## WORK REQUEST
The answer must be every line of the data that holds the word "StrictCommutativeMonad".

## SOURCE DATA
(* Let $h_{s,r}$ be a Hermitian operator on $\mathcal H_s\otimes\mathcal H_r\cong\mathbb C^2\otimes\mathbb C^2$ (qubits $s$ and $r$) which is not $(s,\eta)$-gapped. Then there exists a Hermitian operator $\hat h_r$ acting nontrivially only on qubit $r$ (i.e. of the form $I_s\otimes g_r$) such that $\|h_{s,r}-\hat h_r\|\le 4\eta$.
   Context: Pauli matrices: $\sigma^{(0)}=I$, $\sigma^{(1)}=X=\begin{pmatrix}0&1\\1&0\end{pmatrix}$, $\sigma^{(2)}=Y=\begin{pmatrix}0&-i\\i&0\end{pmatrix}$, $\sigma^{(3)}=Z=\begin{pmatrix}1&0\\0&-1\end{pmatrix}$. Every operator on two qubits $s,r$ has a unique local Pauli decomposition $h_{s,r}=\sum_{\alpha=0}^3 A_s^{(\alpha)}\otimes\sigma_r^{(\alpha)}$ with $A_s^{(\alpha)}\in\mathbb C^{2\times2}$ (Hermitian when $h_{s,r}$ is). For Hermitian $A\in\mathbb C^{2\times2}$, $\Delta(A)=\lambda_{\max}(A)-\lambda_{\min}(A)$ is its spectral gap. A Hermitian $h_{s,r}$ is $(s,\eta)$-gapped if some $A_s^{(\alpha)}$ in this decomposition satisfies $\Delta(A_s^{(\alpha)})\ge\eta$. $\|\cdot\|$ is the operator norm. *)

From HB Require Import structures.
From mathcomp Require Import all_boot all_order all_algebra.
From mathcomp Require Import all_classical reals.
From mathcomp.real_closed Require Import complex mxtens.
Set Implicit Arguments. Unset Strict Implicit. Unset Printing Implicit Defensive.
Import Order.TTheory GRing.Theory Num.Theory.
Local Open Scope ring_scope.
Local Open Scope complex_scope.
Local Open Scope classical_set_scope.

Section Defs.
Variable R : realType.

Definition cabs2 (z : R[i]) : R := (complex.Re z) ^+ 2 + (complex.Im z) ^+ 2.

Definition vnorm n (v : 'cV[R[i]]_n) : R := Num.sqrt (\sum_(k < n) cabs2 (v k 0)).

...

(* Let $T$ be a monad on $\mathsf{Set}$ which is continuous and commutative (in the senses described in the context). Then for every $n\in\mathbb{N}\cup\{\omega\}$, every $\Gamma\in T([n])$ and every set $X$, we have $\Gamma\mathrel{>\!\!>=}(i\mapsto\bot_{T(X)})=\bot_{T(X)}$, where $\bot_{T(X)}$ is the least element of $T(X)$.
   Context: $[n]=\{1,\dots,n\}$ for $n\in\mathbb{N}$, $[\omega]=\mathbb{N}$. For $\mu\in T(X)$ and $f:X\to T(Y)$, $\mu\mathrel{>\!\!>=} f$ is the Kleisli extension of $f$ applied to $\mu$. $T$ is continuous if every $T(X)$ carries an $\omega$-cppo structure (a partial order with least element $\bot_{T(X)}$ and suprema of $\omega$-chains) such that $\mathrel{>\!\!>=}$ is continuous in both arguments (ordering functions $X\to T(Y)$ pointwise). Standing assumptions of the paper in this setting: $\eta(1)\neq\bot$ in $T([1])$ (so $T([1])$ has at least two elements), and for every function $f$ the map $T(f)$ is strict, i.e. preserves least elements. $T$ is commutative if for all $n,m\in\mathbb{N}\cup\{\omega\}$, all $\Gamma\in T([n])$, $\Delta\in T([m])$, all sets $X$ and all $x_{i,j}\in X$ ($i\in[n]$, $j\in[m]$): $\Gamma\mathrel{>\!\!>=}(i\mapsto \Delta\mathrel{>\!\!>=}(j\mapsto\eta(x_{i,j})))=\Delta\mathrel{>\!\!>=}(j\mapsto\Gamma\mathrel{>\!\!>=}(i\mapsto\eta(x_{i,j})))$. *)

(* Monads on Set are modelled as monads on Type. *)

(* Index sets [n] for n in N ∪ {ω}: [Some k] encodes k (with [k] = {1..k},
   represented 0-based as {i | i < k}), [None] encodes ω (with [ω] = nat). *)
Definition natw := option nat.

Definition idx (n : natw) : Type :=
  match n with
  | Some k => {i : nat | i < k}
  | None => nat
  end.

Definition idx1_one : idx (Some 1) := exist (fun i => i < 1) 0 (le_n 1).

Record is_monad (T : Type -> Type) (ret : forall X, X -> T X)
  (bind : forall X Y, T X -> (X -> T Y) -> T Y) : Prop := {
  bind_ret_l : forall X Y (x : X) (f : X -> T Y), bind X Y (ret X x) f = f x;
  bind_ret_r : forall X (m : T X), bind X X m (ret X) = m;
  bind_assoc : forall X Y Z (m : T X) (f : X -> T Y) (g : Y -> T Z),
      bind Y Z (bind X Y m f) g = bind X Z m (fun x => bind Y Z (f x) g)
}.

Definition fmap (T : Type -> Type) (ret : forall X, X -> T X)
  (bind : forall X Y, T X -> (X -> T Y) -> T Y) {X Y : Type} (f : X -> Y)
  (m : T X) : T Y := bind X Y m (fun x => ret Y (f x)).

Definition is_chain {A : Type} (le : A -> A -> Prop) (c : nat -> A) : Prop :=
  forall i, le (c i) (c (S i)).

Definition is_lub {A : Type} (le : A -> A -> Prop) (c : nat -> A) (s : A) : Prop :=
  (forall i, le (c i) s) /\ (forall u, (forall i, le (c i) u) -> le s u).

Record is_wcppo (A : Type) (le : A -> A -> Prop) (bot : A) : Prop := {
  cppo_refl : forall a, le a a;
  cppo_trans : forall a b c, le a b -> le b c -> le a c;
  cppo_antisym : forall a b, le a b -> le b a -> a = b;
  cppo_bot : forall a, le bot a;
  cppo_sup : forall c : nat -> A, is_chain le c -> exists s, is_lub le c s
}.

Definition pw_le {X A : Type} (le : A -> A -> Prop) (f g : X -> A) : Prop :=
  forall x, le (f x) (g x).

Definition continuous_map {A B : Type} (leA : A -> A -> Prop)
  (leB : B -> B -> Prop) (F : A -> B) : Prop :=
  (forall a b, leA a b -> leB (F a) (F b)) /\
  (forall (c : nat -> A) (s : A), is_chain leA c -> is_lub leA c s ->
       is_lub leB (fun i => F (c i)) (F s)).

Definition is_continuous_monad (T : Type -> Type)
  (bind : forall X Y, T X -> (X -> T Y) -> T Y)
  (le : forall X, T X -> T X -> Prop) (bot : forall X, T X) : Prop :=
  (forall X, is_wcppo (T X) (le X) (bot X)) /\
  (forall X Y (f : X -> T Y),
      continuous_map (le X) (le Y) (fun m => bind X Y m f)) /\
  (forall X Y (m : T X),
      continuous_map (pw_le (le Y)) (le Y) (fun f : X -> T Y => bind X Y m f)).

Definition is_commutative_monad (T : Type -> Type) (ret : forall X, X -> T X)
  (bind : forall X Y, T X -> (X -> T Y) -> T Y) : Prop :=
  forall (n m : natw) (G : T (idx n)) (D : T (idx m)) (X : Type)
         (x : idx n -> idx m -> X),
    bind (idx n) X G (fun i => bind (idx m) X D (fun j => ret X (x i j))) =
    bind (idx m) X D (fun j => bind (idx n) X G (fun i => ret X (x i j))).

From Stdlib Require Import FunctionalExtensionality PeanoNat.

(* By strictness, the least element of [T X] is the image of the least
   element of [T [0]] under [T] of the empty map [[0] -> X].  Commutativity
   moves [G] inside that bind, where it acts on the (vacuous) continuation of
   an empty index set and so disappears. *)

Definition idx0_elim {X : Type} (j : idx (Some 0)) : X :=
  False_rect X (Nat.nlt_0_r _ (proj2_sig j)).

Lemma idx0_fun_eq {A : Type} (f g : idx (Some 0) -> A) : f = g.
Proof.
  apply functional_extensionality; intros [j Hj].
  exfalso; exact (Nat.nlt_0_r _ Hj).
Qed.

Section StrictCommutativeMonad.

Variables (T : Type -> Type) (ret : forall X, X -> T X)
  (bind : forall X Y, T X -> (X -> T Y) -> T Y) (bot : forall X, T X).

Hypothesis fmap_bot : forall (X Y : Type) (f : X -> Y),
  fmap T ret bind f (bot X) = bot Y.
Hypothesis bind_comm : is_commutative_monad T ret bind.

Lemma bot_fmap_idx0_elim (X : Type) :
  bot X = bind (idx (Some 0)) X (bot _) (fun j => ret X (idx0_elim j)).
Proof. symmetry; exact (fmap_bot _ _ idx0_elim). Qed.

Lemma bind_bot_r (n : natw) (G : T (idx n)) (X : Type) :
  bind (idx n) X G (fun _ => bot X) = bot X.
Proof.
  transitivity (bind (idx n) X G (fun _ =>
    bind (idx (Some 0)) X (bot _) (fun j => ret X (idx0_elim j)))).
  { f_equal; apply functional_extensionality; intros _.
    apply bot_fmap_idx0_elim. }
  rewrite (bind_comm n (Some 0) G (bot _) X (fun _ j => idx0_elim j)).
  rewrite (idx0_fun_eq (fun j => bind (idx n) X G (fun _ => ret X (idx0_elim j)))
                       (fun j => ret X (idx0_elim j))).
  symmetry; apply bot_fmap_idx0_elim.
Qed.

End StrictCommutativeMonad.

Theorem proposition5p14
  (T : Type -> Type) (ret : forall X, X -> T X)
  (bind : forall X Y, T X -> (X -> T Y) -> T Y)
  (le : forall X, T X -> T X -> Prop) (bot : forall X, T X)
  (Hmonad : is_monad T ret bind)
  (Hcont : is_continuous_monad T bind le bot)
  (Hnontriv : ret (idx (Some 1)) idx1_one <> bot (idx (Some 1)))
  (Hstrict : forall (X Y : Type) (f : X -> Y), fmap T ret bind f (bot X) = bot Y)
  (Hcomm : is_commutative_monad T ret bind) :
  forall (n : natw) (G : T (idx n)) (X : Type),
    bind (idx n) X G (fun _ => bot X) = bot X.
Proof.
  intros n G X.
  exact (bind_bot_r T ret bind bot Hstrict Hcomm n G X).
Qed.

## ANSWER TO THIS PROBLEM
Section StrictCommutativeMonad.
End StrictCommutativeMonad.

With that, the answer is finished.